= John Barnewall (Franciscan friar) =

Irish Franciscan friar (c.1595–c.1650)

John Barnewall, O.F.M. (c. 1595 – c. 1650) was an Irish Franciscan friar. He served as a teacher and lecturer both locally and on the Continent. He was the Minister Provincial of Ireland during the Irish Confederate Wars, due to which position he communicated on Irish affairs with Franciscans on the European mainland, such as the historian, Friar Luke Wadding. He became involved in the conflict, opposing the excommunications issued by the papal nuncio in 1648. He last appears in documents dated July 1649.

==Biography==

Barnewall was the son of Robert Barnewall, 7th Baron Trimlestown (died 1639), and a brother of Matthias Barnewall, 8th Baron Trimlestown (died 1667). His mother was Genet Talbot, daughter of Thomas Talbot of Dardistown Castle, County Meath. The family was a significant member of the Old English gentry in The Pale of County Meath, having come over from England with King Henry II. One ancestor, John Barnewall, 3rd Baron Trimlestown (died 1538), was Lord Chancellor of Ireland.

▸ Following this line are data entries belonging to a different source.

(* Let $c$ be a prime of the form $2^r\cdot 3+1$ ($r\ge 1$), and let $a,b>1$ be integers with $a,b,c$ pairwise coprime and $e_c(b)=3$. Suppose positive integers $z,Y,Z$ with $z\le Z$ and $Y\equiv 4\pmod 6$ satisfy $a+b=c^z$ and $a+b^Y=c^Z$. Write $Y=1+3N$ ($N$ odd) and $e=\nu_c(N)$, and let $I(t)=\sum_{j=0}^{N-1}t^{3j}\in\mathbb Z[t]$. Then $e<z$ and there is a positive integer $K$ with $\gcd(K,c)=1$ such that \[ b^2+b+1=K\,c^{z-e},\qquad b(b-1)\,I(b)\,K=c^e(c^{Z-z}-1). \]
   Context: For a positive integer $M$ and an integer $A$ coprime to $M$, $e_M(A)$ denotes the least positive integer $e$ such that $A^e\equiv 1$ or $A^e\equiv -1\pmod M$. $\nu_c$ is the $c$-adic valuation. *)

From mathcomp Require Import all_boot all_order all_algebra.
Set Implicit Arguments. Unset Strict Implicit. Unset Printing Implicit Defensive.
Import GRing.Theory.

Definition pm1_mod (M A e : nat) : bool :=
  (A ^ e %% M == 1 %% M) || ((A ^ e).+1 %% M == 0).

Definition e_ord (M A e : nat) : Prop :=
  [/\ 0 < e, pm1_mod M A e & forall k, 0 < k -> k < e -> ~~ pm1_mod M A k].

Definition Ipoly (N : nat) : {poly int} := (\sum_(j < N) 'X^(3 * j))%R.

From mathcomp Require Import all_boot all_order all_algebra.
From mathcomp Require Import zify.
Import GRing.Theory.
Set Implicit Arguments. Unset Strict Implicit. Unset Printing Implicit Defensive.

(* Subtracting the two equations gives [b (b^(3N) - 1) = c^z (c^(Z-z) - 1)], and
   [b^(3N) - 1 = (b - 1)(b^2 + b + 1) I(b)].  Since e_c(b) = 3 and N is odd,
   [b^3 = 1 (mod c)] while [b <> 1 (mod c)], so c divides b^2 + b + 1 but neither
   b nor b - 1.  Lifting the exponent gives nu_c(I(b)) = nu_c(N) = e, and
   c^(Z-z) - 1 is prime to c, so comparing c-adic valuations yields
   nu_c(b^2 + b + 1) = z - e >= 1; K is the c-free part of b^2 + b + 1. *)

Definition geom_sum (x n : nat) := \sum_(j < n) x ^ j.

Lemma geom_sum_gt0 x n : 0 < n -> 0 < geom_sum x n.
Proof. by case: n => // n _; rewrite /geom_sum big_ord_recl expn0 addn_gt0. Qed.

Lemma subn1_geom_sum x n : (x - 1) * geom_sum x n = x ^ n - 1.
Proof.
case: x => [|x]; first by rewrite sub0n mul0n; case: n => [|n] //; rewrite exp0n.
elim: n => [|n IH]; first by rewrite /geom_sum big_ord0 muln0 expn0.
rewrite /geom_sum big_ord_recr /= -/(geom_sum x.+1 n) mulnDr IH expnS.
have : 0 < x.+1 ^ n by rewrite expn_gt0.
move: (x.+1 ^ n) => X X0; nia.
Qed.

Lemma geom_sumD x m n :
  geom_sum x (m + n) = geom_sum x m + x ^ m * geom_sum x n.
Proof.
rewrite /geom_sum big_split_ord big_distrr /=.
by congr (_ + _); apply: eq_bigr => i _; rewrite expnD.
Qed.

Lemma geom_sumM x m n :
  geom_sum x (m * n) = geom_sum x m * geom_sum (x ^ m) n.
Proof.
elim: n => [|n IH]; first by rewrite muln0 /geom_sum !big_ord0 muln0.
rewrite mulnS geom_sumD IH /geom_sum big_ord_recl /= -/(geom_sum x m).
rewrite expn0 mulnDr muln1 mulnCA big_distrr /=; congr (_ + _ * _).
by apply: eq_bigr => i _; rewrite -expnS.
Qed.

Lemma geom_sum_mod x n d : x = 1 %[mod d] -> geom_sum x n = n %[mod d].
Proof.
move=> x1; elim: n => [|n IH]; first by rewrite /geom_sum big_ord0.
rewrite /geom_sum big_ord_recr /= -/(geom_sum x n) -modnDm IH -modnXm x1.
by rewrite modnXm exp1n modnDm addn1.
Qed.

Lemma expn_mod_sqr q p j : (1 + q * p) ^ j = 1 + j * q * p %[mod p ^ 2].
Proof.
elim: j => [|j IH]; first by rewrite expn0 mul0n.
rewrite expnSr -modnMml IH modnMml.
have -> : (1 + j * q * p) * (1 + q * p) = j * q * q * p ^ 2 + (1 + j.+1 * q * p).
  by rewrite expnS expn1; nia.
by rewrite modnMDl.
Qed.

(* The step of the lifting-the-exponent lemma: for [y = 1 + q p] the terms
   [y ^ j = 1 + j q p (mod p^2)] add up to [p + q p C(p,2) = p (mod p^2)],
   because [p] divides [C(p,2)] when [p] is odd. *)
Lemma logn_geom_sum_prime p y :
  prime p -> odd p -> y = 1 %[mod p] -> logn p (geom_sum y p) = 1.
Proof.
move=> pp op y1; have p1 := prime_gt1 pp.
have [q ->] : exists q, y = 1 + q * p.
  by exists (y %/ p); rewrite {1}(divn_eq y p) y1 modn_small // addnC.
have p_neq2 : p != 2 by apply: contraTneq op => ->.
have p2 : 0 < 2 < p by lia.
have [t binp] := dvdnP (prime_dvd_bin pp p2).
have Smod : geom_sum (1 + q * p) p = p %[mod p ^ 2].
  rewrite /geom_sum -modn_summ; under eq_bigr => j _ do rewrite expn_mod_sqr.
  rewrite modn_summ big_split /= sum1_card card_ord.
  have -> : \sum_(j < p) j * q * p = q * t * p ^ 2.
    have sum_id : \sum_(j < p) j = 'C(p, 2) by rewrite -bin2_sum big_mkord.
    by rewrite -!big_distrl /= sum_id binp expnS expn1; lia.
  by rewrite addnC modnMDl.
move: Smod; rewrite (modn_small (_ : p < p ^ 2)); last by rewrite expnS expn1; nia.
set S := geom_sum _ _ => Smod.
have -> : S = p * (1 + p * (S %/ p ^ 2)).
  by rewrite {1}(divn_eq S (p ^ 2)) Smod expnS expn1; lia.
rewrite lognM ?addn_gt0 ?(prime_gt0 pp) //.
rewrite (logn_prime p pp) eqxx logn_coprime //.
by rewrite /coprime addnC mulnC gcdnMDl gcdn1.
Qed.

(* Lifting the exponent: [nu_p (x^n - 1) = nu_p (x - 1) + nu_p n] in the
   form [nu_p ((x^n - 1)/(x - 1)) = nu_p n]. *)
Lemma logn_geom_sum p x n :
  prime p -> odd p -> x = 1 %[mod p] -> 0 < n -> logn p (geom_sum x n) = logn p n.
Proof.
move=> pp op x1 n0; have [m pm ->] := pfactor_coprime pp n0.
have m0 : 0 < m.
  by case: m pm => //; rewrite /coprime gcdn0 => /eqP p_eq1; rewrite p_eq1 in pp.
have pX_gt0 k : 0 < p ^ k by rewrite expn_gt0 prime_gt0.
rewrite lognM // pfactorK // (logn_coprime pm).
elim: (logn p n) => [|k IH].
  by rewrite muln1 logn_coprime // /coprime -gcdn_modr geom_sum_mod // gcdn_modr.
rewrite expnSr mulnA geom_sumM.
rewrite lognM ?geom_sum_gt0 ?muln_gt0 ?m0 ?pX_gt0 ?prime_gt0 // IH.
by rewrite logn_geom_sum_prime // ?addn1 // -modnXm x1 modnXm exp1n.
Qed.

Lemma pm1_mod_odd_pow M A e N :
  2 < M -> pm1_mod M A e -> odd N -> A ^ (e * N) = 1 %[mod M] -> A ^ e = 1 %[mod M].
Proof.
move=> M_gt2 /orP[/eqP // | /eqP y_neg1] oN; rewrite expnM.
set y := A ^ e in y_neg1 *; clearbody y.
have y_gt0 : 0 < y by case: y y_neg1 => //; rewrite modn_small //; lia.
have y2 : y ^ 2 = 1 %[mod M].
  have -> : y ^ 2 = (y - 1) * y.+1 + 1 by rewrite expnS expn1; nia.
  by rewrite -modnDml -modnMmr y_neg1 muln0 mod0n.
have yN : y ^ N = y %[mod M].
  rewrite -(odd_double_half N) oN -mul2n expnD expn1 expnM.
  by rewrite -modnMmr -modnXm y2 modnXm exp1n modnMmr muln1.
move=> yN1; have : y.+1 = 2 %[mod M] by rewrite -addn1 -modnDml -yN yN1 modnDml.
by rewrite y_neg1 (modn_small M_gt2).
Qed.

Lemma prime_dvd_cube_root p b :
  prime p -> 0 < b -> b ^ 3 = 1 %[mod p] -> b != 1 %[mod p] -> p %| b ^ 2 + b + 1.
Proof.
move=> pp b_gt0 b3 b_neq1.
have cube_factor : b ^ 3 - 1 = (b - 1) * (b ^ 2 + b + 1) by rewrite !expnS expn0; nia.
have : p %| b ^ 3 - 1 by rewrite -eqn_mod_dvd ?expn_gt0 ?b_gt0 //; apply/eqP.
by rewrite cube_factor Euclid_dvdM // -eqn_mod_dvd // (negbTE b_neq1).
Qed.

Lemma logn_pfactor_subn1 p k : 1 < p -> logn p (p ^ k - 1) = 0.
Proof.
move=> p_gt1; case: k => [|k]; first by rewrite subnn logn0.
have pk_gt0 : 0 < p ^ k by rewrite expn_gt0 ltnW.
have -> : p ^ k.+1 - 1 = (p ^ k - 1) * p + p.-1 by rewrite expnS; nia.
by rewrite logn_coprime // /coprime gcdnMDl -/(coprime p p.-1) coprimenP // ltnW.
Qed.

Lemma sub_pow_eq a b c z Z k :
  a + b = c ^ z -> a + b ^ k.+1 = c ^ Z -> z <= Z ->
  b * (b ^ k - 1) = c ^ z * (c ^ (Z - z) - 1).
Proof.
move=> eq_z eq_Z zZ; rewrite !mulnBr !muln1 -expnS -expnD subnKC //.
by rewrite -eq_z -eq_Z subnDl.
Qed.

Lemma Ipoly_horner N (b : nat) : ((Ipoly N).[b%:Z] = (geom_sum (b ^ 3) N)%:Z)%R.
Proof.
rewrite /Ipoly horner_sum /geom_sum -[in RHS]natz natr_sum.
by apply: eq_bigr => j _; rewrite hornerXn !natrX -exprM natz.
Qed.

Lemma pow3_subn1_factor b N :
  b ^ (3 * N) - 1 = (b - 1) * (b ^ 2 + b + 1) * geom_sum (b ^ 3) N.
Proof.
have cube_factor : b ^ 3 - 1 = (b - 1) * (b ^ 2 + b + 1).
  by case: b => [|b]; rewrite ?muln0 // !expnS expn0 muln1; nia.
by rewrite -cube_factor subn1_geom_sum expnM.
Qed.

Section CubeOrder.

Variables (c b z Z N : nat).
Hypotheses (pc : prime c) (oc : odd c) (b_gt1 : 1 < b) (cb : coprime b c).
Hypotheses (b_pm1 : pm1_mod c b 3) (b_neq1 : b != 1 %[mod c]).
Hypotheses (oN : odd N) (z_gt0 : 0 < z).
Hypothesis eq_diff : b * (b ^ (3 * N) - 1) = c ^ z * (c ^ (Z - z) - 1).

Let c_gt2 : 2 < c.
Proof. by have := prime_gt1 pc; case: c oc => [|[|[]]]. Qed.

Let N_gt0 : 0 < N.
Proof. exact: odd_gt0. Qed.

Lemma cube_eq1 : b ^ 3 = 1 %[mod c].
Proof.
apply: pm1_mod_odd_pow oN _ => //; apply/eqP.
rewrite eqn_mod_dvd ?expn_gt0 ?(ltnW b_gt1) // -(Gauss_dvdr _ (n := b)) 1?coprime_sym //.
by rewrite eq_diff dvdn_mulr // dvdn_exp.
Qed.

Lemma dvd_cube_root : c %| b ^ 2 + b + 1.
Proof. by apply: prime_dvd_cube_root cube_eq1 b_neq1; rewrite // ltnW. Qed.

Lemma pow3_subn1_gt0 : 0 < b ^ (3 * N) - 1.
Proof. by rewrite subn_gt0 -{1}(expn0 b) ltn_exp2l // muln_gt0. Qed.

Lemma z_lt_Z : z < Z.
Proof.
rewrite -subn_gt0 lt0n; apply/eqP => Zz.
have : 0 < b * (b ^ (3 * N) - 1) by rewrite muln_gt0 ltnW ?pow3_subn1_gt0.
by rewrite eq_diff Zz subnn muln0.
Qed.

Lemma logn_pow3_subn1 : logn c (b ^ (3 * N) - 1) = logn c (b ^ 2 + b + 1) + logn c N.
Proof.
have b1_gt0 : 0 < b - 1 by rewrite subn_gt0.
have c_ndvd_b1 : ~~ (c %| b - 1) by rewrite -eqn_mod_dvd 1?ltnW.
rewrite pow3_subn1_factor !lognM ?muln_gt0 ?b1_gt0 ?geom_sum_gt0 ?addn1 //.
by rewrite [logn c (b - 1)]lognE (negbTE c_ndvd_b1) !andbF add0n logn_geom_sum // cube_eq1.
Qed.

Lemma logn_cube_root_add : logn c (b ^ 2 + b + 1) + logn c N = z.
Proof.
have cZz_subn1_gt0 : 0 < c ^ (Z - z) - 1.
  by rewrite subn_gt0 -{1}(expn0 c) ltn_exp2l ?prime_gt1 ?subn_gt0 ?z_lt_Z.
have := congr1 (logn c) eq_diff.
rewrite -logn_pow3_subn1 lognM ?(ltnW b_gt1) ?pow3_subn1_gt0 // logn_coprime 1?coprime_sym //.
rewrite lognM ?cZz_subn1_gt0 ?expn_gt0 ?(prime_gt0 pc) //.
by rewrite pfactorK // logn_pfactor_subn1 ?prime_gt1 // add0n addn0.
Qed.

Lemma cofactor_eq K :
  b ^ 2 + b + 1 = K * c ^ logn c (b ^ 2 + b + 1) ->
  b * (b - 1) * geom_sum (b ^ 3) N * K = c ^ logn c N * (c ^ (Z - z) - 1).
Proof.
move=> cofactor; set f := logn c _ in cofactor.
apply/eqP; rewrite -(eqn_pmul2r (_ : 0 < c ^ f)) ?expn_gt0 ?prime_gt0 //; apply/eqP.
have -> : b * (b - 1) * geom_sum (b ^ 3) N * K * c ^ f =
    b * ((b - 1) * (K * c ^ f) * geom_sum (b ^ 3) N) by rewrite !mulnA; lia.
rewrite -cofactor -pow3_subn1_factor eq_diff -{1}logn_cube_root_add -/f expnD.
by rewrite -mulnA mulnC.
Qed.

Lemma cube_root_decomposition :
  logn c N < z /\ exists2 K, coprime K c &
    b ^ 2 + b + 1 = K * c ^ (z - logn c N) /\
    b * (b - 1) * geom_sum (b ^ 3) N * K = c ^ logn c N * (c ^ (Z - z) - 1).
Proof.
have f_gt0 : 0 < logn c (b ^ 2 + b + 1) by rewrite lognE pc dvd_cube_root addn1.
have f_eq : z - logn c N = logn c (b ^ 2 + b + 1) by rewrite -logn_cube_root_add addnK.
split; first by rewrite -logn_cube_root_add -{1}(add0n (logn c N)) ltn_add2r.
have [K cK cofactor] := pfactor_coprime pc (ltn0Sn (b ^ 2 + b)); rewrite -addn1 in cofactor.
by exists K; rewrite 1?coprime_sym // f_eq -(cofactor_eq cofactor).
Qed.

End CubeOrder.

Theorem mainTheorem9 (r c a b z Y Z N : nat) :
  1 <= r -> c = 2 ^ r * 3 + 1 -> prime c ->
  1 < a -> 1 < b ->
  coprime a b -> coprime b c -> coprime a c ->
  e_ord c b 3 ->
  0 < z -> 0 < Y -> 0 < Z -> z <= Z ->
  Y = 4 %[mod 6] ->
  a + b = c ^ z -> a + b ^ Y = c ^ Z ->
  Y = 1 + 3 * N ->
  let e := logn c N in
  e < z /\
  exists K : nat, 0 < K /\ coprime K c /\
    b ^ 2 + b + 1 = K * c ^ (z - e) /\
    ((b%:Z * (b%:Z - 1) * (Ipoly N).[b%:Z] * K%:Z)
       = (c%:Z ^+ e * (c%:Z ^+ (Z - z) - 1)))%R.
Proof.
move=> r_gt0 c_def pc _ b_gt1 _ cb _ [_ b_pm1 b_ord] z_gt0 _ _ zZ Y46 eq_z eq_Z YN e.
have oc : odd c by rewrite c_def oddD oddM oddX eqn0Ngt r_gt0.
have b_neq1 : b != 1 %[mod c].
  by move: (b_ord 1 isT isT); rewrite /pm1_mod expn1 negb_or => /andP[].
have oN : odd N by lia.
rewrite YN add1n in eq_Z; have eq_diff := sub_pow_eq eq_z eq_Z zZ.
have [e_lt_z [K cK [cofactor eqK]]] :=
  cube_root_decomposition pc oc b_gt1 cb b_pm1 b_neq1 oN z_gt0 eq_diff.
have K_gt0 : 0 < K by case: K cofactor {cK eqK} => //; rewrite mul0n addn1.
split=> //; exists K; do 3?split => //.
have cZ_ge1 : 1 <= c ^ (Z - z) by rewrite expn_gt0 prime_gt0.
move/(congr1 (fun n : nat => n%:R : int)): eqK.
by rewrite Ipoly_horner !natrM !natrB ?cZ_ge1 ?(ltnW b_gt1) // !natrX !natz.
Qed.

John Barnewall went to the Continent and entered the Franciscan Order, going on to receive minor orders and then the subdiaconate at Mechelin, in the then-Spanish Netherlands, in December 1617. No documentation survives, but presumably, he received further Holy Orders during the following months. He defended his theses in Scotist theology at Louvain in 1620, and again in 1627. He is believed to have taught as a lecturer in Germany in 1637, as well as subsequently at Prague, and at Slane in County Meath upon his return to Ireland. Among his students was the historian, Friar Peter Walsh. A contemporary stated that Barnewall taught philosophy and theology at Louvain for eight years prior to his election as Minister Provincial of Ireland at Quin, County Clare, on 15 August 1638.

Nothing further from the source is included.